#### DATA RECORDS

(* Cayley-Hamilton bookkeeping: if ||X^2 - X|| <= 4d and tr X is small, then
   det X is small, because det (X^2 - X) = det X (det X - tr X + 1) while the
   trace formula already bounds det X by a constant. *)
Lemma approx_idempotent_det (X : 'M[C]_2) (d : C) :
  0 <= d -> d < 3 / 100 -> hs_norm (X *m X - X) <= 4 * d ->
  `|\tr X| <= 16 / 5 * d -> `|det2 X| <= 8 / 25 * d.
Proof.
move=> d_ge0 d_small hK hT.
have trK := tr2_defect X; have detK := det2_defect X.
set K := X *m X - X in trK detK hK.
set t := \tr X in trK detK hT; set D := det2 X in trK detK *.
have trace_det : 2 * `|D| <= `|t| ^+ 2 + `|t| + (`|K i0 i0| + `|K i1 i1|).
  have twoD : (t ^+ 2 - t) - \tr K = 2 * D by rewrite trK; ring.
  rewrite -(normr_nat C 2) -normrM -twoD.
  apply: le_trans (ler_normB _ _) _; rewrite tr2E lerD ?ler_normD //.
  by rewrite -normrX ler_normB.
have det_det :
    `|D| * `|D - t + 1| <= `|K i0 i0| * `|K i1 i1| + `|K i0 i1| * `|K i1 i0|.
  by rewrite -normrM -detK /det2 -!normrM ler_normB.
have one_le : 1 <= `|D - t + 1| + `|D| + `|t|.
  have e : (D - t + 1) - D + t = 1 by ring.
  rewrite -[X in X <= _](normr1 C) -{1}e; apply: le_trans (ler_normD _ _) _.
  by rewrite lerD2r ler_normB.
rewrite hs_norm_le ?mulr_ge0 // /hs_sq in hK.
have := det_small_num (of_real d) (of_real `|t|)
  (of_real `|K i0 i0|) (of_real `|K i0 i1|) (of_real `|K i1 i0|) (of_real `|K i1 i1|)
  (of_real `|D|) (of_real `|D - t + 1|).
realsub_to_C; rewrite of_realK ?ger0_real //.
by apply; rewrite ?normr_ge0.
Qed.

(* An approximate idempotent (defect <= 4d) with small trace is small:
   (tr X - 1) X = (X^2 - X) + det X . I and |tr X - 1| is close to 1. *)
Lemma small_trace_approx_idempotent (X : 'M[C]_2) (d : C) :
  0 <= d -> d < 3 / 100 -> hs_norm (X *m X - X) <= 4 * d ->
  `|\tr X| <= 16 / 5 * d -> hs_norm X <= 5 * d.
Proof.
move=> d_ge0 d_small hK hT.
have D_small := approx_idempotent_det X d d_ge0 d_small hK hT.
have ch := cayley_hamilton_defect X.
set K := X *m X - X in ch hK; set t := \tr X in ch hT D_small.
set D := det2 X in ch D_small.
have one_le : 1 <= `|t - 1| + `|t|.
  have e : - (t - 1) + t = 1 by ring.
  rewrite -[X in X <= _](normr1 C) -{1}e -(normrN (t - 1)); exact: ler_normD.
have scaled : `|t - 1| * hs_norm X <= hs_norm K + hs_norm (D%:M : 'M_2).
  by rewrite -hs_normZ ch hs_norm_triangle.
have S_sq : hs_norm (D%:M : 'M_2) ^+ 2 = 2 * `|D| ^+ 2.
  by rewrite hs_normK hs_sq_scalar.
have S_ge0 := hs_norm_ge0 (D%:M : 'M_2).
move: (hs_norm _) S_sq S_ge0 scaled => S S_sq S_ge0 scaled.
have := closeness_num (of_real d) (of_real `|t|) (of_real `|D|) (of_real (hs_norm K))
  (of_real S) (of_real `|t - 1|) (of_real (hs_norm X)).
realsub_to_C; rewrite !of_realK ?hs_norm_real ?ger0_real //.
apply=> //; last exact: hs_norm_ge0.
by apply: val_inj; realsub_to_C; rewrite !of_realK ?ger0_real.
Qed.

#### EXERCISE
Using the data above, reproduce exactly the lines between those holding "have S_ge0 := hs_norm_ge0 (D%:M : 'M_2)." and "(of_real S) (of_real", inclusive, and no others.

#### EXPECTED ANSWER
have S_ge0 := hs_norm_ge0 (D%:M : 'M_2).
move: (hs_norm _) S_sq S_ge0 scaled => S S_sq S_ge0 scaled.
have := closeness_num (of_real d) (of_real `|t|) (of_real `|D|) (of_real (hs_norm K))
  (of_real S) (of_real `|t - 1|) (of_real (hs_norm X)).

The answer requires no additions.